TCS, which traditionally prides itself on stable hiring and low attrition, cutting headcount for two consecutive quarters is a clear indication that project ramp-ups are slowing and utilisation levels are being prioritised over fresh recruitment.

Rather than mass layoffs, the reduction appears to be driven largely by lower campus intake, natural attrition, tighter lateral hiring, and delayed onboarding of freshers. This allows the company to align its workforce more closely with actual project needs without triggering reputational or morale risks that come with large-scale layoffs.

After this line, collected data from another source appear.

(* Let $X\neq\emptyset$ be a set and $\Phi$ a nonempty set of bounded functions $X\to\mathbb{R}$ that is compact with respect to $D_\Phi$. If the pseudo-metric space $(X,D_X)$ is complete, then $(X,D_X)$ is compact.
   Context: $D_\Phi(\varphi_1,\varphi_2):=\|\varphi_1-\varphi_2\|_\infty=\sup_{x\in X}|\varphi_1(x)-\varphi_2(x)|$. $D_X(x_1,x_2):=\sup_{\varphi\in\Phi}|\varphi(x_1)-\varphi(x_2)|$ (a pseudo-metric on $X$, finite since $\Phi$ is bounded); $X$ carries the topology induced by $D_X$. *)

From Stdlib Require Import Reals List ClassicalEpsilon.
Open Scope R_scope.

(* Supremum of a set of reals (chosen via classical choice; meaningful
   when the set is nonempty and bounded above, i.e. when a lub exists). *)
Definition Rsup (A : R -> Prop) : R :=
  epsilon (inhabits 0) (fun l => is_lub A l).

Definition D_Phi {X : Type} (f g : X -> R) : R :=
  Rsup (fun r => exists x : X, r = Rabs (f x - g x)).

Definition D_X {X : Type} (Phi : (X -> R) -> Prop) (x1 x2 : X) : R :=
  Rsup (fun r => exists phi, Phi phi /\ r = Rabs (phi x1 - phi x2)).

Definition bounded_fun {X : Type} (f : X -> R) : Prop :=
  exists M : R, forall x, Rabs (f x) <= M.

(* S is compact as a (pseudo)metric subspace of (T,d): every cover of S by
   sets open in the subspace topology of S admits a finite subcover. *)
Definition compact_in {T : Type} (d : T -> T -> R) (S : T -> Prop) : Prop :=
  forall (I : Type) (U : I -> T -> Prop),
    (forall i x, S x -> U i x ->
       exists eps, 0 < eps /\ forall y, S y -> d x y < eps -> U i y) ->
    (forall x, S x -> exists i, U i x) ->
    exists l : list I, forall x, S x -> exists i, In i l /\ U i x.

Definition compact_space {T : Type} (d : T -> T -> R) : Prop :=
  compact_in d (fun _ => True).

Definition complete_space {T : Type} (d : T -> T -> R) : Prop :=
  forall u : nat -> T,
    (forall eps, 0 < eps -> exists N : nat, forall n m : nat,
        (N <= n)%nat -> (N <= m)%nat -> d (u n) (u m) < eps) ->
    exists l : T, forall eps, 0 < eps -> exists N : nat, forall n : nat,
        (N <= n)%nat -> d (u n) l < eps.

From Stdlib Require Import Reals List ClassicalEpsilon.
From Stdlib Require Import Lra Lia Classical.
Open Scope R_scope.

(* A complete pseudo-metric space is compact as soon as it is totally
   bounded, so it suffices to show that (X, D_X) is totally bounded.
   1. Suprema: D_Phi and D_X are suprema of bounded sets of reals, so they
      satisfy the usual "upper bound / least upper bound" characterisation.
   2. Compactness of Phi gives, for every r > 0, a finite r-net of Phi for
      D_Phi; the 1-net shows that Phi is uniformly bounded, which makes D_X
      a genuine (finite) pseudo-metric.
   3. Finitely many bounded functions f_1, ..., f_k can be approximated to
      within r on X by finitely many points (slice X into strips on which
      each f_j varies by less than r).  Applied to an eps/4-net of Phi this
      yields an eps-net of (X, D_X): D_X is totally bounded.
   4. The general fact "complete + totally bounded => compact" is proved by
      the classical bisection argument: an open cover without finite
      subcover yields nested non-finitely-covered sets of radius -> 0, whose
      points form a Cauchy sequence; its limit lies in some member of the
      cover, which then covers one of the nested sets, a contradiction. *)

Ltac rabs :=
  repeat match goal with
  | |- context [Rabs ?a] =>
      let h := fresh in destruct (Rcase_abs a) as [h|h];
      [rewrite (Rabs_left a h) in * | rewrite (Rabs_right a h) in *]
  | H : context [Rabs ?a] |- _ =>
      let h := fresh in destruct (Rcase_abs a) as [h|h];
      [rewrite (Rabs_left a h) in * | rewrite (Rabs_right a h) in *]
  end; lra.

Lemma Rsup_lub (A : R -> Prop) : (exists x, A x) -> bound A -> is_lub A (Rsup A).
Proof.
  intros [x Hx] HA. unfold Rsup. apply epsilon_spec.
  destruct (completeness A HA (ex_intro _ x Hx)) as [l Hl]. exists l; exact Hl.
Qed.

Lemma Rsup_upper (A : R -> Prop) (M r : R) :
  is_upper_bound A M -> A r -> r <= Rsup A.
Proof.
  intros HM Hr. apply (Rsup_lub A); [exists r; exact Hr | exists M; exact HM | exact Hr].
Qed.

Lemma Rsup_least (A : R -> Prop) (b : R) :
  (exists x, A x) -> is_upper_bound A b -> Rsup A <= b.
Proof. intros Hne Hb. apply (Rsup_lub A Hne); [exists b; exact Hb | exact Hb]. Qed.

Definition totally_bounded {T : Type} (d : T -> T -> R) : Prop :=
  forall eps, 0 < eps -> exists L : list T, forall x, exists c, In c L /\ d c x < eps.

Definition finitely_covered {T I : Type} (U : I -> T -> Prop) (A : T -> Prop) : Prop :=
  exists l : list I, forall x, A x -> exists i, In i l /\ U i x.

Section FiniteCovers.
Variables (T I : Type) (U : I -> T -> Prop).

Lemma uncovered_nonempty (A : T -> Prop) : ~ finitely_covered U A -> exists x, A x.
Proof.
  intros HA. apply NNPP. intros Hn. apply HA. exists nil.
  intros x Hx. exfalso. apply Hn. exists x. exact Hx.
Qed.

Lemma uncovered_piece (B : T -> T -> Prop) (L : list T) (A : T -> Prop) :
  ~ finitely_covered U A -> (forall x, A x -> exists c, In c L /\ B c x) ->
  exists c, ~ finitely_covered U (fun x => A x /\ B c x).
Proof.
  revert A. induction L as [|c L IH]; intros A HA HL.
  - destruct (uncovered_nonempty A HA) as [x Hx]. destruct (HL x Hx) as [c [[] _]].
  - destruct (classic (finitely_covered U (fun x => A x /\ B c x))) as [[l1 Hl1]|Hc];
      [|exists c; exact Hc].
    destruct (IH (fun x => A x /\ ~ B c x)) as [c' Hc'].
    + intros [l2 Hl2]. apply HA. exists (l1 ++ l2). intros x Hx.
      destruct (classic (B c x)) as [h|h].
      * destruct (Hl1 x (conj Hx h)) as [i [Hi Hu]].
        exists i. split; [apply in_or_app; left; exact Hi | exact Hu].
      * destruct (Hl2 x (conj Hx h)) as [i [Hi Hu]].
        exists i. split; [apply in_or_app; right; exact Hi | exact Hu].
    + intros x [Hx Hn]. destruct (HL x Hx) as [c0 [[<-|Hc0] Hd]]; [contradiction|].
      exists c0. split; assumption.
    + exists c'. intros [l Hl]. apply Hc'. exists l.
      intros x [[Hx _] Hd]. apply Hl. split; assumption.
Qed.

End FiniteCovers.

Definition radius (n : nat) : R := / INR (S n).

Lemma radius_pos (n : nat) : 0 < radius n.
Proof. apply Rinv_0_lt_compat, lt_0_INR. lia. Qed.

Lemma radius_small (eps : R) : 0 < eps -> exists N, radius N < eps.
Proof.
  intros he. destruct (archimed_cor1 eps he) as [N [HN HN0]]. exists N.
  eapply Rle_lt_trans; [|exact HN]. apply Rinv_le_contravar.
  - apply lt_0_INR. exact HN0.
  - apply le_INR. lia.
Qed.

Section CompleteTotallyBounded.
Variables (T : Type) (d : T -> T -> R).
Hypothesis d_triangle : forall x y z, d x z <= d x y + d y z.
Hypothesis d_sym : forall x y, d y x <= d x y.
Hypothesis d_totally_bounded : totally_bounded d.

Lemma nested_uncovered (I : Type) (U : I -> T -> Prop) :
  ~ finitely_covered U (fun _ => True) ->
  exists (A : nat -> T -> Prop) (c : nat -> T),
    (forall n, ~ finitely_covered U (A n)) /\
    (forall n x, A (S n) x -> A n x /\ d (c n) x < radius n).
Proof.
  intros Hall. destruct (uncovered_nonempty T I U _ Hall) as [x0 _].
  assert (step : forall p : nat * (T -> Prop), exists c : T,
    ~ finitely_covered U (snd p) ->
    ~ finitely_covered U (fun x => snd p x /\ d c x < radius (fst p))).
  { intros [n B]. simpl. destruct (classic (finitely_covered U B)) as [Hc|Hu].
    - exists x0. intros Hn. contradiction.
    - destruct (d_totally_bounded (radius n) (radius_pos n)) as [L HL].
      destruct (uncovered_piece T I U (fun c x => d c x < radius n) L B Hu)
        as [c Hc]; [intros x _; apply HL|].
      exists c. intros _. exact Hc. }
  destruct (choice _ step) as [next Hnext].
  set (A := fix A (n : nat) : T -> Prop := match n with
     | O => fun _ => True
     | S n => fun x => A n x /\ d (next (n, A n)) x < radius n end).
  exists A, (fun n => next (n, A n)). split.
  - intros n. induction n as [|n IH]; [exact Hall|]. exact (Hnext (n, A n) IH).
  - intros n x Hx. exact Hx.
Qed.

From a financial perspective, lower headcount helps TCS protect margins at a time when pricing pressure is rising and discretionary tech spending remains under strain. Wage costs are one of the biggest components of IT services expenses, and keeping hiring in check provides a buffer against softer revenue growth.

At the same time, the company has been pushing automation, AI-driven delivery models and higher employee utilisation, enabling it to deliver projects with fewer people. This structural shift means that even when demand recovers, hiring may not return to the peaks seen during the 2021–22 boom.

Industry-wide trend

TCS is not alone. Most large Indian IT firms have slowed recruitment sharply over the past year as clients delay or scale back digital transformation projects. Fresh graduate hiring across the sector has been especially affected, with many companies deferring start dates and cutting intake targets.

The continued dip in TCS’s workforce suggests that a meaningful hiring recovery is unlikely until global tech spending shows a sustained rebound.

For now, the December quarter numbers reinforce the message that India’s IT sector remains in a cautious, cost-focused phase, prioritising efficiency over expansion as it navigates an uncertain global demand outlook, says an IT sector analyst.